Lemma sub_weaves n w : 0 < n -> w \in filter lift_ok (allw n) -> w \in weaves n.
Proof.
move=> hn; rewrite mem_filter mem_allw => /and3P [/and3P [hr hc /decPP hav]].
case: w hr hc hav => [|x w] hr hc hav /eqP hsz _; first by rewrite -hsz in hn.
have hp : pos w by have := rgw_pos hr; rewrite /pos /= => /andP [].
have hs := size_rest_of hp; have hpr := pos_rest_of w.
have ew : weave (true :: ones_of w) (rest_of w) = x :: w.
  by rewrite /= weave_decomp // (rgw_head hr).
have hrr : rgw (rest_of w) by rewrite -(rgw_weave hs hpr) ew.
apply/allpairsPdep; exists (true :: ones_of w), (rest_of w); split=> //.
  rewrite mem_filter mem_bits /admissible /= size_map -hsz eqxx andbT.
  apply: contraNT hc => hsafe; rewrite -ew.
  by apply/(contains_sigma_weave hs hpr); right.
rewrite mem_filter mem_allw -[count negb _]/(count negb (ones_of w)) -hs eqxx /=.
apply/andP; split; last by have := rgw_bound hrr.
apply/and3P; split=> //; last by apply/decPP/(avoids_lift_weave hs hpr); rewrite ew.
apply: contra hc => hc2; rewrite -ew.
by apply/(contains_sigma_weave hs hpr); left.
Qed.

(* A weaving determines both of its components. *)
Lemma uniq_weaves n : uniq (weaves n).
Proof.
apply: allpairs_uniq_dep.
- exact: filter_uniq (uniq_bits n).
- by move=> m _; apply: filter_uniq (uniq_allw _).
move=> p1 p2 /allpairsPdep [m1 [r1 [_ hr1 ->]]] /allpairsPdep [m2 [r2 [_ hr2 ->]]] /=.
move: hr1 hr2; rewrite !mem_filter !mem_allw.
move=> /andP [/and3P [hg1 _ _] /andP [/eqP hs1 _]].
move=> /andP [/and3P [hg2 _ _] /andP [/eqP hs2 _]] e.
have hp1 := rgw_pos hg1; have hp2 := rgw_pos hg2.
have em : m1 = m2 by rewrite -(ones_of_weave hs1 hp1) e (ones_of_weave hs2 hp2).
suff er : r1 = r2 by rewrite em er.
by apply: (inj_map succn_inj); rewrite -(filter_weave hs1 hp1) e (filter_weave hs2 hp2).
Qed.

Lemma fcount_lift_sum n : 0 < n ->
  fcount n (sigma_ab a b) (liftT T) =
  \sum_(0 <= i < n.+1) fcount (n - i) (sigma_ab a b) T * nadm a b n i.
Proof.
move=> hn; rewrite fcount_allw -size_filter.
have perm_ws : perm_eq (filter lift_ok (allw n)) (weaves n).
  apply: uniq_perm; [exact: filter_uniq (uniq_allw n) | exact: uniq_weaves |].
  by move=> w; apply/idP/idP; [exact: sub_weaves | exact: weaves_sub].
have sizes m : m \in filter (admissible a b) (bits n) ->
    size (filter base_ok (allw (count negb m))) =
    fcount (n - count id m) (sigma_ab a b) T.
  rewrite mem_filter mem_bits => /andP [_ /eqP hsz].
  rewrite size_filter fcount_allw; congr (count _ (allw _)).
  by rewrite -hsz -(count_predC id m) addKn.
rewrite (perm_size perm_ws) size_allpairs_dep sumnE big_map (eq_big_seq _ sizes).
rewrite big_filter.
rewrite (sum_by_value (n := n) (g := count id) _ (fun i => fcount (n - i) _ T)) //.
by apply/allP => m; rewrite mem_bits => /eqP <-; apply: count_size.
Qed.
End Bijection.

---

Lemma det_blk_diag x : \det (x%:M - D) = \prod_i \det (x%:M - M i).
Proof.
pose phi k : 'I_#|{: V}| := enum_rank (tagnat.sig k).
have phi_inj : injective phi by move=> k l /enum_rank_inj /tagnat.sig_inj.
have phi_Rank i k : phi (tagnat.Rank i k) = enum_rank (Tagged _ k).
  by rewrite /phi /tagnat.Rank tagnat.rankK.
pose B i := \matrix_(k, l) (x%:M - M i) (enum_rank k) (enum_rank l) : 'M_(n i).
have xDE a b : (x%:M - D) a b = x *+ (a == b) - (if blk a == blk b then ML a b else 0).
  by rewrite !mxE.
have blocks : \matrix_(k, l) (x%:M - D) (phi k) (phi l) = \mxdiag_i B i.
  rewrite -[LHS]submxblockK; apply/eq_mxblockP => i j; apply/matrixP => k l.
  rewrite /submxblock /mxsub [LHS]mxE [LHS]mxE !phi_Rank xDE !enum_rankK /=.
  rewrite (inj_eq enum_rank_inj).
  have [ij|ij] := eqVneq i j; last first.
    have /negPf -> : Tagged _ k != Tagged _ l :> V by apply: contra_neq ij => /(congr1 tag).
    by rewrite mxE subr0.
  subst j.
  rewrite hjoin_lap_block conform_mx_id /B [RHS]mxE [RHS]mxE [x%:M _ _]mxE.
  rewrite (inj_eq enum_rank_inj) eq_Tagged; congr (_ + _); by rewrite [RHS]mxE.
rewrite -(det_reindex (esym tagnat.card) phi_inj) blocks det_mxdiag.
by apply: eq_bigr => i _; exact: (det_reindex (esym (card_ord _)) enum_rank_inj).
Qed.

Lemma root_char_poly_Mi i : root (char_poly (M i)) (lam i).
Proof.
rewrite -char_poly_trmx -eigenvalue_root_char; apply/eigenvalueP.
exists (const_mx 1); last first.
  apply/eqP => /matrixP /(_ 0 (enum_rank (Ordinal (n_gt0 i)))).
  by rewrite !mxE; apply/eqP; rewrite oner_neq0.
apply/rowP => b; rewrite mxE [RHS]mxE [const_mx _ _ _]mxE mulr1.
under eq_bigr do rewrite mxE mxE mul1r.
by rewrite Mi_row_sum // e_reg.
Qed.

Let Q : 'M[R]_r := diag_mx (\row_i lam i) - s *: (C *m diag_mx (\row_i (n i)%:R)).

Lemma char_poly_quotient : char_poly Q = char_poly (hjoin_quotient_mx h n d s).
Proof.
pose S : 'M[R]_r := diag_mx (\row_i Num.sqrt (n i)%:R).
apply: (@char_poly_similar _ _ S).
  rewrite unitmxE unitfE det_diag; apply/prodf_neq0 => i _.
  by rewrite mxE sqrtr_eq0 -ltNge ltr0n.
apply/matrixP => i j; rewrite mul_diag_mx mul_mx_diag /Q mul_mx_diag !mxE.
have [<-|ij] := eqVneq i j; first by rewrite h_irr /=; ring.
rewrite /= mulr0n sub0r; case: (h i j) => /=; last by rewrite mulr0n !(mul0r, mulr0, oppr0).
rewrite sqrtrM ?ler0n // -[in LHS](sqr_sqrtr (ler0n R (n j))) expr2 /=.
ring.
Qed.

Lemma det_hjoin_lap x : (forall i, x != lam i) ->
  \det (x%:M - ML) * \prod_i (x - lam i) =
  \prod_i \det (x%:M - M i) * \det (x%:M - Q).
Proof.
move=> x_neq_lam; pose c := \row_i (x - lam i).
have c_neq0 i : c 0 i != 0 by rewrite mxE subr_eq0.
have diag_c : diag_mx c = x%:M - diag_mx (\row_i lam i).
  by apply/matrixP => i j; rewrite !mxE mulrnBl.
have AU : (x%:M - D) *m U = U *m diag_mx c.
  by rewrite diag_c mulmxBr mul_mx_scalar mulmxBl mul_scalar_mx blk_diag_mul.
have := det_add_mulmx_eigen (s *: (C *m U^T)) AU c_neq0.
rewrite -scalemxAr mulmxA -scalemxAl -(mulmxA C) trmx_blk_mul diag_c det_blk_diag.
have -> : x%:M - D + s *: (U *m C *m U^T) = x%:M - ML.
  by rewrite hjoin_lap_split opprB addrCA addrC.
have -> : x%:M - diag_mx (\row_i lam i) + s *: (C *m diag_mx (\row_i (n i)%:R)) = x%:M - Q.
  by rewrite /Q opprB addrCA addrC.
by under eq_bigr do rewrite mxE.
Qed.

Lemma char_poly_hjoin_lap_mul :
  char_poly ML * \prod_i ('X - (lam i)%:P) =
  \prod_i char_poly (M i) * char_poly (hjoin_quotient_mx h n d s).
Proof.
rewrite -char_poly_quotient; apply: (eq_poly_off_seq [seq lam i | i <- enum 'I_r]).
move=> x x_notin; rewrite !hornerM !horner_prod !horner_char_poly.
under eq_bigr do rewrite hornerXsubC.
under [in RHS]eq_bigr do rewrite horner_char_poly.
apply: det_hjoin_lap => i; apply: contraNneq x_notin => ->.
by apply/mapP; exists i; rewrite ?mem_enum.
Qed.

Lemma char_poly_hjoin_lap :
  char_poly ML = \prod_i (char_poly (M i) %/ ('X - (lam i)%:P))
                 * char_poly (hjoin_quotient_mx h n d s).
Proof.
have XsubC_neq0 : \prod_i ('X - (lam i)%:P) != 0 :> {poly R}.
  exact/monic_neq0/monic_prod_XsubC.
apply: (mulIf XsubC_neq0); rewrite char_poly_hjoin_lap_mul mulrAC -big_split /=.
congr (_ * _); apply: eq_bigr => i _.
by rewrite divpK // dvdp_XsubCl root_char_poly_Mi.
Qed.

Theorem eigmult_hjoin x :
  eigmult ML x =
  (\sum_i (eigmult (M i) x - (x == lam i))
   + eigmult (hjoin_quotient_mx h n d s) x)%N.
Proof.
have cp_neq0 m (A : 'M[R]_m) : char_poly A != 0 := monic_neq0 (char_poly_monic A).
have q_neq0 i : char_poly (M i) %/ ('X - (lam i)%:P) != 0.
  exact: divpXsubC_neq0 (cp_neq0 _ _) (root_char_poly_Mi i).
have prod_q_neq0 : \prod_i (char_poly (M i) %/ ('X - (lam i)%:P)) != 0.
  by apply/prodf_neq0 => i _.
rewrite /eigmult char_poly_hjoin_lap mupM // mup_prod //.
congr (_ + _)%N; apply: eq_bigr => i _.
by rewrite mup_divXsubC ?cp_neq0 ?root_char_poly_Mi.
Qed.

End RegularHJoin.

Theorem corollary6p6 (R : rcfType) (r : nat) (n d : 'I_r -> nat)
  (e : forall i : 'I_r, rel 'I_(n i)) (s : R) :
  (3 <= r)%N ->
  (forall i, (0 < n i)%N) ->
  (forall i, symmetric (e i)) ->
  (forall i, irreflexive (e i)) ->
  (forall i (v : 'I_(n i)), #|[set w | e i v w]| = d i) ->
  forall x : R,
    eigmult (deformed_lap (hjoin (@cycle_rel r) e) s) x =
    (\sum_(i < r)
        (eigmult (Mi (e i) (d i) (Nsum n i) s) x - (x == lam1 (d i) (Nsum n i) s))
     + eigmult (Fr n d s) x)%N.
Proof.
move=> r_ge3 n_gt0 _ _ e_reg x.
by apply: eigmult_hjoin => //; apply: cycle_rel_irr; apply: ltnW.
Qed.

* * *

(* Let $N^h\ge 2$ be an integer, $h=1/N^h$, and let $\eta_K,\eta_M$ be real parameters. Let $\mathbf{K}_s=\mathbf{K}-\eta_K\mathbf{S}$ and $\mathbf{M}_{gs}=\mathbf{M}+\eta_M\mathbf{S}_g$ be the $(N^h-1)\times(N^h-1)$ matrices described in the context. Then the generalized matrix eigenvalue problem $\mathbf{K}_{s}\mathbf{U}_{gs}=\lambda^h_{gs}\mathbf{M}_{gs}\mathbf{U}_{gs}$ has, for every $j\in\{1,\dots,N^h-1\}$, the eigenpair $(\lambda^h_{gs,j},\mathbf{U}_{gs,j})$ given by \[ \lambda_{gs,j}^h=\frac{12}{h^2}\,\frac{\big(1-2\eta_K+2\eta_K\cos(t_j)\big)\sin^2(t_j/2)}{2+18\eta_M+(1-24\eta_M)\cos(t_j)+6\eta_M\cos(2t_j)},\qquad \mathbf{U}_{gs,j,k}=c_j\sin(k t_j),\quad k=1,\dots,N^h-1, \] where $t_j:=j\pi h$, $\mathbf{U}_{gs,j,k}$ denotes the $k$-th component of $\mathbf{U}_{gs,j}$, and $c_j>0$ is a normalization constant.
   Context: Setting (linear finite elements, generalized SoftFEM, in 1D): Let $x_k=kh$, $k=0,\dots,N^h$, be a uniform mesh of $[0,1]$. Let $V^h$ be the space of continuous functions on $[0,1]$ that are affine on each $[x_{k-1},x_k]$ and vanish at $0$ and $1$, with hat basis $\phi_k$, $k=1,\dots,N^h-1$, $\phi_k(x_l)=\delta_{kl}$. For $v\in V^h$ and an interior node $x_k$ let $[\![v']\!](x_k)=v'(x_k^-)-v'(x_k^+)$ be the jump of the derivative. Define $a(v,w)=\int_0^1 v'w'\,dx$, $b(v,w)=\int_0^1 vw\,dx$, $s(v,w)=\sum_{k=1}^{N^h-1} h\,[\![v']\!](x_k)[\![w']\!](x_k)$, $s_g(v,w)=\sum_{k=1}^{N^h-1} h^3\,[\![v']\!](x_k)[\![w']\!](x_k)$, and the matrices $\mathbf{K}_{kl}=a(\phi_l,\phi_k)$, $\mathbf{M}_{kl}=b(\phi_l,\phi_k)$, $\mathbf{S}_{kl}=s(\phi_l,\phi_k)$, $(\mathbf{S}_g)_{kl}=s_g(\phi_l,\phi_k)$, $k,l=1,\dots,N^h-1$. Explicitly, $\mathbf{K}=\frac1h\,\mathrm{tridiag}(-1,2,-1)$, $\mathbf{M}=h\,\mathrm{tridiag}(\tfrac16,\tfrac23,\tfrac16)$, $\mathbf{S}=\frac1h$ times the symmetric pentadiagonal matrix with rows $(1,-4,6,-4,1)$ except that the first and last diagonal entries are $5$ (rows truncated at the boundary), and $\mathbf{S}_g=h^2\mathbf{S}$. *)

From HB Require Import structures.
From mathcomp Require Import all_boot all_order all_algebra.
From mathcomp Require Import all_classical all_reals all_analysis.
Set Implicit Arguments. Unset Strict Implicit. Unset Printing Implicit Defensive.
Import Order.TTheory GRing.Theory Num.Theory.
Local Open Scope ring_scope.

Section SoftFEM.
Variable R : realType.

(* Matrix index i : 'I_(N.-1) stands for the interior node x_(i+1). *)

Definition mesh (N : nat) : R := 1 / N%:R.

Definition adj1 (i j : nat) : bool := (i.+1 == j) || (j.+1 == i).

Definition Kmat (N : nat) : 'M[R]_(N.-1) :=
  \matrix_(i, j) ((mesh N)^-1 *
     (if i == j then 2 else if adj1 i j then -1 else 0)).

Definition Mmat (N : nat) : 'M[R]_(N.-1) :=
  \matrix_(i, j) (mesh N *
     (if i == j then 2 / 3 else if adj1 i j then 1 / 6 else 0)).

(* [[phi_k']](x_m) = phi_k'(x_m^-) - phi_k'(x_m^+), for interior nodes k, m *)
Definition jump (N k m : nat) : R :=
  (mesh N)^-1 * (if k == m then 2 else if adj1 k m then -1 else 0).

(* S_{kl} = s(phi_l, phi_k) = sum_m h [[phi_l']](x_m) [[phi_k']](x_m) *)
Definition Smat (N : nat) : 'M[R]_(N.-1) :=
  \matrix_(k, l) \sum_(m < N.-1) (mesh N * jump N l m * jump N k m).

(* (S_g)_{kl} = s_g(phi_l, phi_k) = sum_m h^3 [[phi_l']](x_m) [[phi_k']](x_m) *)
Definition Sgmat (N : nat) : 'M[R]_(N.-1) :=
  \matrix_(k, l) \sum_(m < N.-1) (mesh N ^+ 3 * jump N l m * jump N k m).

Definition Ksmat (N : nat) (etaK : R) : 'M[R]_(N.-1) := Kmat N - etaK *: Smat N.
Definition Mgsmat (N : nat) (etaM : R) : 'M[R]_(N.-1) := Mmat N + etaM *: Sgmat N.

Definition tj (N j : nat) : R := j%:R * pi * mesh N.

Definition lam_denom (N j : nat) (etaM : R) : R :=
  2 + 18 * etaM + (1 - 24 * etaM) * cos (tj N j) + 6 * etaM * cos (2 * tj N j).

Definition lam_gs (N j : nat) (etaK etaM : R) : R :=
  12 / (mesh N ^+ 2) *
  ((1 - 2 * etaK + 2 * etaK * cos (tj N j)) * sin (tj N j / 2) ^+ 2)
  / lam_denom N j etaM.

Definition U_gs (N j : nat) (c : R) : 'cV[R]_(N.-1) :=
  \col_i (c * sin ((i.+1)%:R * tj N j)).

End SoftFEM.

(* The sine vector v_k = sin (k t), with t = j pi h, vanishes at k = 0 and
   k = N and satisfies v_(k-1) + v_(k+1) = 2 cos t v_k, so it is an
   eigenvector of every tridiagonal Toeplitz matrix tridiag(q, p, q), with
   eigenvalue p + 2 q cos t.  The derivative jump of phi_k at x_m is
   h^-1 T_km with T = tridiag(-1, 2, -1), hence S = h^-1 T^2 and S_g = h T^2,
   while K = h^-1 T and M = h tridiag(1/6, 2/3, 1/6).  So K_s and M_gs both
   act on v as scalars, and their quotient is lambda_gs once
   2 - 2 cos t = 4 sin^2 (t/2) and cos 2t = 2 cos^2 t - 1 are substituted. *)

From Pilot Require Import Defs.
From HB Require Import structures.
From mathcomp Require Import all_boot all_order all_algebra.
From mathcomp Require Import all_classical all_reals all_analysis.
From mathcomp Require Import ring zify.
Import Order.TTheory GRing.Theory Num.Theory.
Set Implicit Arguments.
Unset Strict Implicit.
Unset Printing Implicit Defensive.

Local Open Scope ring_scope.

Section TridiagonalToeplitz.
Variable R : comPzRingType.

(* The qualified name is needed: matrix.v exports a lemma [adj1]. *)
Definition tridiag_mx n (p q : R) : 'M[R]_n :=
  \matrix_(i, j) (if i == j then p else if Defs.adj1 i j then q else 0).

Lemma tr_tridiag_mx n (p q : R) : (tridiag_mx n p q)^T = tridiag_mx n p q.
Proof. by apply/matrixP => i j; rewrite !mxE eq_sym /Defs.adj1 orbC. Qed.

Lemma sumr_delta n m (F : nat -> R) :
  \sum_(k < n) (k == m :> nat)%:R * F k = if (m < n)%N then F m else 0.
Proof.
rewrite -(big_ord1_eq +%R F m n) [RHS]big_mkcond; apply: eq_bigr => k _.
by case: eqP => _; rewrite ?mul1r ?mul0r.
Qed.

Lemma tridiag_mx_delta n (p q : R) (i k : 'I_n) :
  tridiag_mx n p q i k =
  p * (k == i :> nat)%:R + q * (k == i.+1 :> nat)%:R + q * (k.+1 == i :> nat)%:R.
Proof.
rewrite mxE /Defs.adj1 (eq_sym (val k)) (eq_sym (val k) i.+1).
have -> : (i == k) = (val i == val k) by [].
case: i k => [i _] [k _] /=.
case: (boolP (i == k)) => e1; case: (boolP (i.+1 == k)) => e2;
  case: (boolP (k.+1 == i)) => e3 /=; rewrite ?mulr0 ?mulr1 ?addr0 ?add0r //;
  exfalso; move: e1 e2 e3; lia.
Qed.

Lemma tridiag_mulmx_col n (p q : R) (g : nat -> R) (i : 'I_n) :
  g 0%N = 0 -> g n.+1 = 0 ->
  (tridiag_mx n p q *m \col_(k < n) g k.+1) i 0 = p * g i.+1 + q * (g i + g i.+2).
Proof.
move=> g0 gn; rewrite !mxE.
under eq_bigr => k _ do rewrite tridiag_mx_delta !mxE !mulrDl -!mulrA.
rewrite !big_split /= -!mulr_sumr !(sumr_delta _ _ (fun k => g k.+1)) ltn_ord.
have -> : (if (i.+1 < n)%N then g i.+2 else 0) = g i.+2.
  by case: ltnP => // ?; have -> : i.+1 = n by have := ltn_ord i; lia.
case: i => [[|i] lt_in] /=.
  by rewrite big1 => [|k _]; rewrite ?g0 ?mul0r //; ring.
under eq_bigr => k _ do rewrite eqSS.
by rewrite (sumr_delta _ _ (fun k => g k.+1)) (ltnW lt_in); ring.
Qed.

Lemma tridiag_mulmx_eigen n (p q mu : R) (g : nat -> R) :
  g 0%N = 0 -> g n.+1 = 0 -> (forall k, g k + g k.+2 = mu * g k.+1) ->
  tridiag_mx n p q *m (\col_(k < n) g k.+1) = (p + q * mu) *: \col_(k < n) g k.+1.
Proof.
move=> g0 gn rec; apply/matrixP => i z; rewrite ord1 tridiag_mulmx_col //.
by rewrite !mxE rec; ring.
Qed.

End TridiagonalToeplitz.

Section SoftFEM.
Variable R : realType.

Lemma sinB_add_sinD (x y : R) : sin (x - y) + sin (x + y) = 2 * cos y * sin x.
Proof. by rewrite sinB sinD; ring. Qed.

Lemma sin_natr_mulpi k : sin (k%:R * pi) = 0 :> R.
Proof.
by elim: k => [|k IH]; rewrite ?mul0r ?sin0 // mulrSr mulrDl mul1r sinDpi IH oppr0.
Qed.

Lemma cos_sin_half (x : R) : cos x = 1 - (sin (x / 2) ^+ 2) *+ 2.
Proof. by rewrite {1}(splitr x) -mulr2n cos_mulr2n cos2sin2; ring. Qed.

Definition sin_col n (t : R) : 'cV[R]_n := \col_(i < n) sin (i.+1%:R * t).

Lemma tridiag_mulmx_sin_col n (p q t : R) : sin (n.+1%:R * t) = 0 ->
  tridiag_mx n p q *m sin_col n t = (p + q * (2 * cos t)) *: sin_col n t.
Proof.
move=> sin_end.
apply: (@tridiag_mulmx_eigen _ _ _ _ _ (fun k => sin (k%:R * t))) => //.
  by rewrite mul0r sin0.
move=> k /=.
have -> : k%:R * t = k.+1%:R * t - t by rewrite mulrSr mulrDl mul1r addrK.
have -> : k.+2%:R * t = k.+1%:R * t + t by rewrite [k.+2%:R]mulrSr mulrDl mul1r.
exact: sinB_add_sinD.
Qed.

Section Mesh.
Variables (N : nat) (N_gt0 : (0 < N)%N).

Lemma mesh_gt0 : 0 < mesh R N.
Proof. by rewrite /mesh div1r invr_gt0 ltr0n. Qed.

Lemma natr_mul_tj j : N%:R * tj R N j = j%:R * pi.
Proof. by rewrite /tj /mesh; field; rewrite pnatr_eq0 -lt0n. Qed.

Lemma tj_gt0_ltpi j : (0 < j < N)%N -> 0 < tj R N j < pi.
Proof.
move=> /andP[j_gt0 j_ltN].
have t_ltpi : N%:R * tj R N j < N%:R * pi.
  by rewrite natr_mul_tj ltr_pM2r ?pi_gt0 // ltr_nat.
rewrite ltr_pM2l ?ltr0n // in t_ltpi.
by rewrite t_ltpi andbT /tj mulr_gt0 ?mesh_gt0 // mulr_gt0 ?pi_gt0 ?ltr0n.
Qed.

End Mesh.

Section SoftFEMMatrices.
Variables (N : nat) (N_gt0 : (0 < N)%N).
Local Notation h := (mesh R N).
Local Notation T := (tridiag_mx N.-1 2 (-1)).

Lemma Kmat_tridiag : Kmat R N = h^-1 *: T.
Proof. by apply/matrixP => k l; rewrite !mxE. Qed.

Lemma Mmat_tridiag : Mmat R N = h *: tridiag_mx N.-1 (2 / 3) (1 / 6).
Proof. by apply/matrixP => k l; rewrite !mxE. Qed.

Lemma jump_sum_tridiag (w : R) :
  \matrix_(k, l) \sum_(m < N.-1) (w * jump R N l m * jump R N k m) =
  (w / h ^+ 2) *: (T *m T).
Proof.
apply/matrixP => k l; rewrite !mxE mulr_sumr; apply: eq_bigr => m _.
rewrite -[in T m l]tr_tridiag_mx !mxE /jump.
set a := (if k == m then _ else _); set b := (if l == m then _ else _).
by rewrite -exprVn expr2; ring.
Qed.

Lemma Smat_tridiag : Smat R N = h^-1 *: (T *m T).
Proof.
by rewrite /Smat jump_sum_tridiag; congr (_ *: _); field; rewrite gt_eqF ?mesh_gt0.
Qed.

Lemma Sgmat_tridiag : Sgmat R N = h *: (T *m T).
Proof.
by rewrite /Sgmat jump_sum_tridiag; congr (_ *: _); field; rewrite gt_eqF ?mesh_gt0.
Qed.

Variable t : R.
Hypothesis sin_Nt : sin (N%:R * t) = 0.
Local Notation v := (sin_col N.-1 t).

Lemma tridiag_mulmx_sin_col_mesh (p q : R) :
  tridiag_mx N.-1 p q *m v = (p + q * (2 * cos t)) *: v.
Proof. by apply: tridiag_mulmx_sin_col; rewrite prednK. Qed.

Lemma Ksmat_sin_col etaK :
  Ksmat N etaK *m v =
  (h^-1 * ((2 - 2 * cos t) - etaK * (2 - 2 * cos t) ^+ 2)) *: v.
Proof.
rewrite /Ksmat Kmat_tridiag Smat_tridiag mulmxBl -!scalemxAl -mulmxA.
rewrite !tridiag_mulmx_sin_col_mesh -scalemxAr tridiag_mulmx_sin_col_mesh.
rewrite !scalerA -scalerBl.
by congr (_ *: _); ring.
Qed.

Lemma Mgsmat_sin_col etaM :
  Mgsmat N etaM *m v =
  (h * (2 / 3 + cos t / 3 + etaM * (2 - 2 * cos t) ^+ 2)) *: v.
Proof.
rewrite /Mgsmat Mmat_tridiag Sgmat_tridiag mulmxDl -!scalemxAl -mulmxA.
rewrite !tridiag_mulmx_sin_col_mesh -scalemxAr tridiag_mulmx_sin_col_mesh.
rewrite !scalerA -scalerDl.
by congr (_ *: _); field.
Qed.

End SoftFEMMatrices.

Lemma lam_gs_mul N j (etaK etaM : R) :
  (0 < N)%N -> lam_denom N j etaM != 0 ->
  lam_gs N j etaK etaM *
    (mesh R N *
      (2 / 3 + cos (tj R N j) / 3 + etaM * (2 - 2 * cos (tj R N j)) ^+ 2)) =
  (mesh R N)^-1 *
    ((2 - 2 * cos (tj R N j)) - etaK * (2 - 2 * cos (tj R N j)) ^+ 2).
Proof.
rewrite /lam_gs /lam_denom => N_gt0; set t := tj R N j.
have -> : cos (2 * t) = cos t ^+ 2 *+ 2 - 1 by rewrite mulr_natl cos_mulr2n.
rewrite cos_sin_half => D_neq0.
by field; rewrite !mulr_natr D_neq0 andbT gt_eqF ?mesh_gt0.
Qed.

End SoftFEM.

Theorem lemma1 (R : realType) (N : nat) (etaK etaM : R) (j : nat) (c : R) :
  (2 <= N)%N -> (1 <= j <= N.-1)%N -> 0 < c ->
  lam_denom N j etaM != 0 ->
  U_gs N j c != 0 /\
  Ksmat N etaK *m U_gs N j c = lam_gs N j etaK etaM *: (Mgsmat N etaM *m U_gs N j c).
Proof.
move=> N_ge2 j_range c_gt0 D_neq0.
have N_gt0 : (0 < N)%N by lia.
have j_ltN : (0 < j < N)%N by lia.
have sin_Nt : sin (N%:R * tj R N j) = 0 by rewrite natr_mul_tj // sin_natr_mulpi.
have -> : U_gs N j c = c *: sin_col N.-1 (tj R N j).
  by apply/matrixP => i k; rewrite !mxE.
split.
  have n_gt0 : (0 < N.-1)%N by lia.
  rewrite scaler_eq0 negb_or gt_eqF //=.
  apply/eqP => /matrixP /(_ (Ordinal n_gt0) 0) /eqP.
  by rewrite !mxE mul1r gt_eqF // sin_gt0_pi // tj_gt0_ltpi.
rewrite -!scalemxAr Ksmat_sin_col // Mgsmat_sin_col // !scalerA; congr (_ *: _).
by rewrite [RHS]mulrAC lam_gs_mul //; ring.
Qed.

### What the task requires:
Reproduce exactly, and only, the part of the listing above that begins at the line with "by move=> w;" and goes on through the line with "by rewrite -hsz -(count_predC id m) addKn.".

### Written solution:
  by move=> w; apply/idP/idP; [exact: sub_weaves | exact: weaves_sub].
have sizes m : m \in filter (admissible a b) (bits n) ->
    size (filter base_ok (allw (count negb m))) =
    fcount (n - count id m) (sigma_ab a b) T.
  rewrite mem_filter mem_bits => /andP [_ /eqP hsz].
  rewrite size_filter fcount_allw; congr (count _ (allw _)).
  by rewrite -hsz -(count_predC id m) addKn.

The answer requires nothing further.